Check the survey website for information - also there are several slide presentations on the capabilities of the survey package for analyzing survey data. This is a great package that has great tabulation abilities and great graphics potential.

This <page> has a great introduction to the theory behind survey weighting. The biggest take home message is that SPSS only does frequency weights and can't handle clustered samples (except in the complex survey package); STATA and R (with the survey package) allow you to use inverse probability weights, clustering and stratification. It is imperative that you know what sort of weights your data uses and make sure that you use weights in calculating all your statistics. The other issue with SPSS is that it does not calculate errors correctly with weighted data. R is free and does most of the complex functions required. 

Winship and Radbill point out the potential problems with using weights in OLS in this article. If you are performing regression on a weighted sample, you must consider the potential that WOLS will produce randomly wrong estimates of error in the coefficients. The general procedure is to run OLS and then WOLS and conduct an F-test to see if the models are substantially different. If they don't differ, OLS is to be preferred. If they are significantly different, then the context will determine which model to use. A frequent source of error is an underspecified model that does not include key interaction/non-linear terms. This can be found by creating an augmented equation that has the weights times the independent variables. If this doesn't produce better estimates, then the WOLS is the best way to go, but to estimate the errors with White's estimator.
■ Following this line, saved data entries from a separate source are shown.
(* Let $(X,p)$ and $(Y,d)$ be complete separable metric spaces and let $F: X \Rightarrow Y$ be a multi-valued function whose graph is an analytic subset of $X \times Y$. Then the set of points of continuity of $F$ is an analytic subset of $X$.
   Context: A multi-valued function $F: X \Rightarrow Y$ assigns to each $x$ a nonempty set $F(x)\subseteq Y$; its graph is $\{(x,y): y\in F(x)\}$. $F$ is continuous at $x$ if there is some $y \in F(x)$ such that for every $\varepsilon>0$ there is $\delta>0$ such that for every $x' \in B_p(x,\delta)$ there is $y' \in F(x')$ with $d(y,y')<\varepsilon$. A subset of a complete separable metric space is analytic if it is a continuous image of a closed subset of a complete separable metric space. *)

From Stdlib Require Import Reals.
Open Scope R_scope.

Definition is_metric {X : Type} (d : X -> X -> R) : Prop :=
  (forall x y, 0 <= d x y) /\
  (forall x y, d x y = 0 <-> x = y) /\
  (forall x y, d x y = d y x) /\
  (forall x y z, d x z <= d x y + d y z).

Definition cauchy_seq {X : Type} (d : X -> X -> R) (u : nat -> X) : Prop :=
  forall eps, 0 < eps -> exists N : nat,
    forall m n, (N <= m)%nat -> (N <= n)%nat -> d (u m) (u n) < eps.

Definition seq_converges_to {X : Type} (d : X -> X -> R) (u : nat -> X) (l : X) : Prop :=
  forall eps, 0 < eps -> exists N : nat, forall n, (N <= n)%nat -> d (u n) l < eps.

Definition complete_metric {X : Type} (d : X -> X -> R) : Prop :=
  forall u : nat -> X, cauchy_seq d u -> exists l, seq_converges_to d u l.

Definition separable_metric {X : Type} (d : X -> X -> R) : Prop :=
  exists D : X -> Prop,
    (exists f : X -> nat, forall x y, D x -> D y -> f x = f y -> x = y) /\
    (forall x eps, 0 < eps -> exists y, D y /\ d x y < eps).

Definition polish_metric {X : Type} (d : X -> X -> R) : Prop :=
  is_metric d /\ complete_metric d /\ separable_metric d.

Definition closed_in {X : Type} (d : X -> X -> R) (C : X -> Prop) : Prop :=
  forall x, (forall eps, 0 < eps -> exists y, C y /\ d x y < eps) -> C x.

Definition continuous_on_set {Z X : Type} (dZ : Z -> Z -> R) (dX : X -> X -> R)
  (C : Z -> Prop) (f : Z -> X) : Prop :=
  forall z, C z -> forall eps, 0 < eps -> exists delta, 0 < delta /\
    forall z', C z' -> dZ z z' < delta -> dX (f z) (f z') < eps.

Definition analytic {X : Type} (dX : X -> X -> R) (A : X -> Prop) : Prop :=
  exists (Z : Type) (dZ : Z -> Z -> R) (C : Z -> Prop) (f : Z -> X),
    polish_metric dZ /\ closed_in dZ C /\ continuous_on_set dZ dX C f /\
    (forall x, A x <-> exists z, C z /\ f z = x).

Definition prod_dist {X Y : Type} (p : X -> X -> R) (d : Y -> Y -> R)
  (a b : X * Y) : R := Rmax (p (fst a) (fst b)) (d (snd a) (snd b)).

(* multi-valued function F : X => Y is encoded as a relation: y \in F(x) iff F x y *)
Definition mv_nonempty {X Y : Type} (F : X -> Y -> Prop) : Prop :=
  forall x, exists y, F x y.

Definition mv_graph {X Y : Type} (F : X -> Y -> Prop) (a : X * Y) : Prop :=
  F (fst a) (snd a).

Definition mv_continuous_at {X Y : Type} (p : X -> X -> R) (d : Y -> Y -> R)
  (F : X -> Y -> Prop) (x : X) : Prop :=
  exists y, F x y /\
    forall eps, 0 < eps -> exists delta, 0 < delta /\
      forall x', p x x' < delta -> exists y', F x' y' /\ d y y' < eps.

(* Fix a countable dense family (q_i) in Y. Then x is a point of continuity of F iff
   some y in F(x) satisfies: for every n there are i and m with d(y, q_i) <= 1/(n+1)
   and every x' in the ball B(x, 1/(m+1)) has a value within 2/(n+1) of q_i. For
   fixed n, i, m this condition is closed in X x Y, so the continuity points are the
   first projection of the analytic graph cut down by a countable intersection of
   countable unions of closed sets. Choosing the witnesses (i, m) by a point of the
   Baire space turns that set into a continuous image of a closed subset of
   Z x N^N, where Z parametrizes the graph. *)

From Stdlib Require Import Reals Lra Lia List Cantor Classical ClassicalEpsilon
  FunctionalExtensionality.
Open Scope R_scope.

Lemma Rinv_INR_S_pos (n : nat) : 0 < / INR (S n).
Proof. apply Rinv_0_lt_compat, lt_0_INR; lia. Qed.

Lemma Rinv_INR_S_lt (e : R) : 0 < e -> exists n, / INR (S n) < e.
Proof.
  intros He. destruct (archimed_cor1 e He) as [[|n] [HN HN0]]; [lia|eauto].
Qed.

Lemma half_pow_pos (n : nat) : 0 < (1/2)^n.
Proof. apply pow_lt; lra. Qed.

Lemma half_pow_le (n m : nat) : (n <= m)%nat -> (1/2)^m <= (1/2)^n.
Proof.
  induction 1 as [|m _ IH]; [lra|].
  simpl. pose proof (half_pow_pos m). lra.
Qed.

Lemma half_pow_lt_S (n : nat) : (1/2)^(S n) < (1/2)^n.
Proof. simpl. pose proof (half_pow_pos n). lra. Qed.

Lemma half_pow_lt (eps : R) : 0 < eps -> exists K, (1/2)^K < eps.
Proof.
  intros H.
  destruct (pow_lt_1_zero (1/2) ltac:(rewrite Rabs_pos_eq; lra) eps H) as [N HN].
  exists N. specialize (HN N (le_n _)).
  rewrite Rabs_pos_eq in HN; [exact HN|left; apply half_pow_pos].
Qed.

Definition baire_gaps (a b : nat -> nat) (r : R) : Prop :=
  r = 0 \/ exists n, a n <> b n /\ r = (1/2)^n.

Lemma baire_gaps_bound (a b : nat -> nat) : bound (baire_gaps a b).
Proof.
  exists 1. intros r [->|[n [_ ->]]]; [lra|].
  apply (half_pow_le 0 n); lia.
Qed.

(* The distance is [(1/2)^n] for the first index [n] where the sequences differ,
   obtained as a supremum to avoid computing that index. *)
Definition baire_dist (a b : nat -> nat) : R :=
  proj1_sig (completeness (baire_gaps a b) (baire_gaps_bound a b)
    (ex_intro _ 0 (or_introl eq_refl))).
Clustered samples provide a whole other problem that I haven't really sorted out, but the general idea is that in multistage clustered samples, the errors will often not be independent of each other or distributed with equal variances. In clustered samples, often it is not wise to utilize the sample weights because you will be amplifying the non-independence. A better strategy is to create a survey design object by specifying the clusters, but not the weights and then using this object for the regressions. 

In terms of coping with complex survey design, I think the best rule of thumb is if using vs. not using weights and/or clusters changes your substantive results, then you probably don't want to hang you hat (or your paper) on these results.

Important Survey Functions
#not well documented in the survey package, but very useful when you don't want to use t-tests
svymean() #means...
svyttest() #ttests...
svyglm() # FOR OLS AND LOGISTIC (family="quasibinomial" argument added)
svyby(x~y,data,svymean) - Cross tabs with row and columns sums and proportions 
svytable() #tables
svymean(~interaction(health,region),na.rm=T) #this returns the proportion of health over the total region.